▸ Exercise instructions:
Look through the listing below and report every line that contains "Arguments".

▸ Given data:
◇ ◇ ◇
(* Let $k\ge1$. The class $\mathrm{Alg}(\mathbb{L}_k^{\le})$ of $\mathbb{L}_k^{\le}$-algebras coincides with the class (variety) of $\mathcal{C}_k$-algebras.
   Context: A modal pseudocomplemented De Morgan algebra ($mpM$-algebra) is an algebra $\langle A,\wedge,\vee,\sim,{}^\ast,0,1\rangle$ such that $\langle A,\wedge,\vee,\sim,0,1\rangle$ is a De Morgan algebra (bounded distributive lattice with $\sim\sim x=x$, $\sim(x\vee y)=\sim x\wedge\sim y$), $x^\ast$ is the pseudocomplement of $x$, and $x\vee\sim x\le x\vee x^\ast$. A $\mathcal{C}_k$-algebra ($k\ge1$) is a pair $(A,t)$ with $A$ an $mpM$-algebra and $t$ an $mpM$-automorphism of $A$ with $t^k=\mathrm{id}$. $Fm$ is the set of formulas built from a denumerable set of variables with connectives $\wedge,\vee$ (binary), $\sim,{}^\ast,t$ (unary), $\top,\bot$ (constants); a valuation into a $\mathcal{C}_k$-algebra $(A,t)$ is a homomorphism $v:Fm\to(A,t)$ (with $v(\top)=1$, $v(\bot)=0$). The degree-preserving logic $\mathbb{L}_k^{\le}=\langle Fm,\models_k^{\le}\rangle$: for nonempty finite $\{\alpha_1,\dots,\alpha_n\}$, $\alpha_1,\dots,\alpha_n\models_k^{\le}\alpha$ iff for every $\mathcal{C}_k$-algebra $(A,t)$, every valuation $v$ and every $a\in A$, if $v(\alpha_i)\ge a$ for all $i$ then $v(\alpha)\ge a$; $\emptyset\models_k^{\le}\alpha$ iff $v(\alpha)=1$ for all $(A,t)$ and $v$; for infinite $\Gamma$, $\Gamma\models_k^{\le}\alpha$ iff some finite nonempty subset of $\Gamma$ entails $\alpha$. For a logic $L$ over $Fm$: a generalized matrix $\langle\mathbf{A},\mathcal{C}\rangle$ ($\mathcal{C}$ a closure system on $A$) is a generalized model of $L$ if every member of $\mathcal{C}$ is closed under $L$ for all valuations; its Tarski congruence is $\bigcap_{F\in\mathcal{C}}\boldsymbol{\Omega}_{\mathbf A}F$, where $\boldsymbol{\Omega}_{\mathbf A}F$ (Leibniz congruence) is the largest congruence of $\mathbf A$ compatible with $F$ ($(a,b)\in\theta$ and $a\in F$ imply $b\in F$). $\mathrm{Alg}(L)$ is the class of algebras $\mathbf A$ having a generalized model $\langle\mathbf A,\mathcal C\rangle$ of $L$ whose Tarski congruence is the identity. *)

From Stdlib Require Import List.
Import ListNotations.

Record sig_alg := SigAlg {
  carrier :> Type;
  meet : carrier -> carrier -> carrier;
  join : carrier -> carrier -> carrier;
  dneg : carrier -> carrier;
  pstar : carrier -> carrier;
  top_op : carrier -> carrier;
  one : carrier;
  zero : carrier
}.

Arguments meet {s}. Arguments join {s}. Arguments dneg {s}.
Arguments pstar {s}. Arguments top_op {s}. Arguments one {s}. Arguments zero {s}.

Definition alg_le {A : sig_alg} (x y : A) : Prop := meet x y = x.

Definition is_DeMorgan (A : sig_alg) : Prop :=
  (forall x y z : A, meet x (meet y z) = meet (meet x y) z) /\
  (forall x y z : A, join x (join y z) = join (join x y) z) /\
  (forall x y : A, meet x y = meet y x) /\
  (forall x y : A, join x y = join y x) /\
  (forall x y : A, meet x (join x y) = x) /\
  (forall x y : A, join x (meet x y) = x) /\
  (forall x y z : A, meet x (join y z) = join (meet x y) (meet x z)) /\
  (forall x : A, join x zero = x) /\
  (forall x : A, meet x one = x) /\
  (forall x : A, dneg (dneg x) = x) /\
  (forall x y : A, dneg (join x y) = meet (dneg x) (dneg y)).

Definition is_pseudocomplement (A : sig_alg) : Prop :=
  forall x y : A, meet x y = zero <-> alg_le y (pstar x).

Definition is_mpM (A : sig_alg) : Prop :=
  is_DeMorgan A /\ is_pseudocomplement A /\
  (forall x : A, alg_le (join x (dneg x)) (join x (pstar x))).

Fixpoint iter_fun {X : Type} (n : nat) (f : X -> X) (x : X) : X :=
  match n with O => x | S m => f (iter_fun m f x) end.

Definition is_Ck (k : nat) (A : sig_alg) : Prop :=
  is_mpM A /\
  (forall x y : A, top_op x = top_op y -> x = y) /\
  (forall y : A, exists x : A, top_op x = y) /\
  (forall x y : A, top_op (meet x y) = meet (top_op x) (top_op y)) /\
  (forall x y : A, top_op (join x y) = join (top_op x) (top_op y)) /\
  (forall x : A, top_op (dneg x) = dneg (top_op x)) /\
  (forall x : A, top_op (pstar x) = pstar (top_op x)) /\
  top_op (@one A) = one /\
  top_op (@zero A) = zero /\
  (forall x : A, iter_fun k top_op x = x).

Inductive Fm : Type :=
| FVar : nat -> Fm
| FAnd : Fm -> Fm -> Fm
| FOr : Fm -> Fm -> Fm
| FNeg : Fm -> Fm
| FStar : Fm -> Fm
| FT : Fm -> Fm
| FTop : Fm
| FBot : Fm.

Fixpoint eval {A : sig_alg} (h : nat -> A) (f : Fm) : A :=
  match f with
  | FVar n => h n
  | FAnd a b => meet (eval h a) (eval h b)
  | FOr a b => join (eval h a) (eval h b)
  | FNeg a => dneg (eval h a)
  | FStar a => pstar (eval h a)
  | FT a => top_op (eval h a)
  | FTop => one
  | FBot => zero
  end.

Definition taut_k (k : nat) (a : Fm) : Prop :=
  forall (A : sig_alg), is_Ck k A -> forall h : nat -> A, eval h a = one.

Definition deg_entails_k (k : nat) (l : list Fm) (a : Fm) : Prop :=
  forall (A : sig_alg), is_Ck k A -> forall (h : nat -> A) (c : A),
    (forall b, In b l -> alg_le c (eval h b)) -> alg_le c (eval h a).

Definition conseq_k (k : nat) (G : Fm -> Prop) (a : Fm) : Prop :=
  ((forall b, ~ G b) /\ taut_k k a) \/
  (exists l : list Fm, l <> [] /\ (forall b, In b l -> G b) /\ deg_entails_k k l a).

Definition closure_system {A : sig_alg} (C : (A -> Prop) -> Prop) : Prop :=
  forall S : (A -> Prop) -> Prop, (forall F, S F -> C F) ->
    C (fun x => forall F, S F -> F x).

Definition is_filter_k (k : nat) {A : sig_alg} (F : A -> Prop) : Prop :=
  forall (G : Fm -> Prop) (a : Fm), conseq_k k G a ->
    forall h : nat -> A, (forall b, G b -> F (eval h b)) -> F (eval h a).

Definition generalized_model_k (k : nat) {A : sig_alg} (C : (A -> Prop) -> Prop) : Prop :=
  closure_system C /\ forall F, C F -> is_filter_k k F.

Definition is_congruence {A : sig_alg} (th : A -> A -> Prop) : Prop :=
  (forall x, th x x) /\ (forall x y, th x y -> th y x) /\
  (forall x y z, th x y -> th y z -> th x z) /\
  (forall x x' y y', th x x' -> th y y' -> th (meet x y) (meet x' y')) /\
  (forall x x' y y', th x x' -> th y y' -> th (join x y) (join x' y')) /\
  (forall x x', th x x' -> th (dneg x) (dneg x')) /\
  (forall x x', th x x' -> th (pstar x) (pstar x')) /\
  (forall x x', th x x' -> th (top_op x) (top_op x')).

Definition compatible {A : sig_alg} (th : A -> A -> Prop) (F : A -> Prop) : Prop :=
  forall x y, th x y -> F x -> F y.

Definition leibniz {A : sig_alg} (F : A -> Prop) (a b : A) : Prop :=
  exists th : A -> A -> Prop,
    is_congruence th /\ compatible th F /\
    (forall th', is_congruence th' -> compatible th' F -> forall x y, th' x y -> th x y) /\
    th a b.

Definition tarski {A : sig_alg} (C : (A -> Prop) -> Prop) (a b : A) : Prop :=
  forall F, C F -> leibniz F a b.

Definition in_Alg_k (k : nat) (A : sig_alg) : Prop :=
  exists C : (A -> Prop) -> Prop,
    generalized_model_k k C /\ (forall a b, tarski C a b -> a = b).

(* (=>) Let A carry a generalized model of L_k^<= with trivial Tarski congruence.
   Two elements are identified by a Leibniz congruence Omega_A F as soon as no
   unary polynomial (a formula with a distinguished variable) separates them
   with respect to F.  If a = b is an equation valid in all C_k-algebras, the
   one-premise rule phi(a) |- phi(b) belongs to L_k^<=, so every L_k^<=-filter
   is blind to the difference between the values of a and b; hence A satisfies
   every valid equation.  The C_k-axioms are all consequences of such
   equations: the lattice and De Morgan laws, the equational description of
   pseudocomplementation, the modal law, the homomorphism laws for t, and
   t^k = id, which with k >= 1 also makes t bijective.

   (<=) In a C_k-algebra the lattice filters are closed under L_k^<= (a
   degree-preserving consequence passes from the meet of the premises to the
   conclusion) and form a closure system; principal filters separate points,
   so the Tarski congruence of this generalized model is the identity. *)

From Stdlib Require Import List PeanoNat Lia.
Import ListNotations.

Fixpoint subst (s : nat -> Fm) (f : Fm) : Fm :=
  match f with
  | FVar n => s n
  | FAnd a b => FAnd (subst s a) (subst s b)
  | FOr a b => FOr (subst s a) (subst s b)
  | FNeg a => FNeg (subst s a)
  | FStar a => FStar (subst s a)
  | FT a => FT (subst s a)
  | FTop => FTop
  | FBot => FBot
  end.

Lemma eval_ext (A : sig_alg) (h g : nat -> A) (f : Fm) :
  (forall n, h n = g n) -> eval h f = eval g f.
Proof. intros H; induction f; simpl; congruence. Qed.

Lemma eval_subst (A : sig_alg) (h : nat -> A) (s : nat -> Fm) (f : Fm) :
  eval h (subst s f) = eval (fun n => eval h (s n)) f.
Proof. induction f; simpl; congruence. Qed.
(* Let $s\ge1$, let $q$ be a prime power and let $C^{(1)},\ldots,C^{(s)}\in\mathbb{F}_q^{\mathbb{N}\times\mathbb{N}_0}$ be finite-row generating matrices. Let $\mathbf{T}:\mathbb{N}_0\to\mathbb{N}_0$ with $\mathbf{T}(m)\le m$. If $C^{(1)},\ldots,C^{(s)}$ generate a $(\mathbf{T},s)$-sequence in base $q$ via Algorithm 1 (for some admissible choice of the bijections), then, for every choice of bijections $\psi_r$, $\lambda_{i,j}$, Algorithm 2 based on these matrices and the input sequence $(s_n)_{n\ge0}=(-n-1)_{n\ge0}$ (viewed in $\mathbb{Z}_q$) produces a $(\mathbf{T},s)$-sequence in base $q$.
   Context: $\mathbb{F}_q$ is the finite field with $q$ elements, $D_q=\{0,\ldots,q-1\}$; $\mathbb{Z}_q$ is the ring of $q$-adic integers, each $z\in\mathbb{Z}_q$ having a unique representation $z=\sum_{r\ge0}a_rq^r$, $a_r\in D_q$ (e.g. $-1=\sum_r(q-1)q^r$). A matrix $(c^{(i)}_{j,r})_{j\ge1,r\ge0}$ is finite-row if each row has finitely many nonzero entries. Algorithm 2: choose bijections $\psi_r:D_q\to\mathbb{F}_q$ ($r\ge0$), finite-row matrices $C^{(i)}=(c^{(i)}_{j,r})$, bijections $\lambda_{i,j}:\mathbb{F}_q\to D_q$ ($1\le i\le s$, $j\ge1$) and $(s_n)$ in $\mathbb{Z}_q$; with $s_n=\sum_ra_rq^r$ put $x_n^{(i)}=\sum_{j\ge1}\lambda_{i,j}(\sum_rc^{(i)}_{j,r}\psi_r(a_r))q^{-j}$, $\boldsymbol{x}_n=(x_n^{(1)},\ldots,x_n^{(s)})\in[0,1]^s$. Algorithm 1 is the same with $s_n=n$ and $\psi_r(0)=0$ for all large $r$. The $m$-digit truncation $[x_n^{(i)}]_{q,m}=\sum_{j=1}^m\lambda_{i,j}(\cdots)q^{-j}$ (truncation of this digit expansion), applied coordinatewise. Elementary interval in base $q$: $\prod_{i=1}^s[a_iq^{-d_i},(a_i+1)q^{-d_i})$, $d_i\ge0$, $0\le a_i<q^{d_i}$. For $0\le t\le m$, a $(t,m,s)$-net in base $q$ is a set of $q^m$ points in $[0,1)^s$ with exactly $q^t$ points in every elementary interval of volume $q^{t-m}$. A sequence $(\boldsymbol{x}_n)$ is a $(\mathbf{T},s)$-sequence in base $q$ if for all $k\ge0$ and $m$ with $\mathbf{T}(m)<m$ the points $[\boldsymbol{x}_n]_{q,m}$, $kq^m\le n<(k+1)q^m$, form a $(\mathbf{T}(m),m,s)$-net in base $q$. For Algorithm 1 over $\mathbb{F}_q$, producing a $(\mathbf{T},s)$-sequence is equivalent to: for every $m$ with $m>\mathbf{T}(m)$ and all integers $d_1,\ldots,d_s\ge0$ with $1\le d_1+\cdots+d_s\le m-\mathbf{T}(m)$, the vectors $(c^{(i)}_{j,0},\ldots,c^{(i)}_{j,m-1})\in\mathbb{F}_q^m$, $1\le j\le d_i$, $1\le i\le s$, are linearly independent. *)

From mathcomp Require Import all_boot all_order all_algebra.
Set Implicit Arguments. Unset Strict Implicit. Unset Printing Implicit Defensive.
Import Order.TTheory GRing.Theory Num.Theory.
Local Open Scope ring_scope.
◇ ◇ ◇
▸ Answer to the problem:
Arguments meet {s}. Arguments join {s}. Arguments dneg {s}.
Arguments pstar {s}. Arguments top_op {s}. Arguments one {s}. Arguments zero {s}.
Set Implicit Arguments. Unset Strict Implicit. Unset Printing Implicit Defensive.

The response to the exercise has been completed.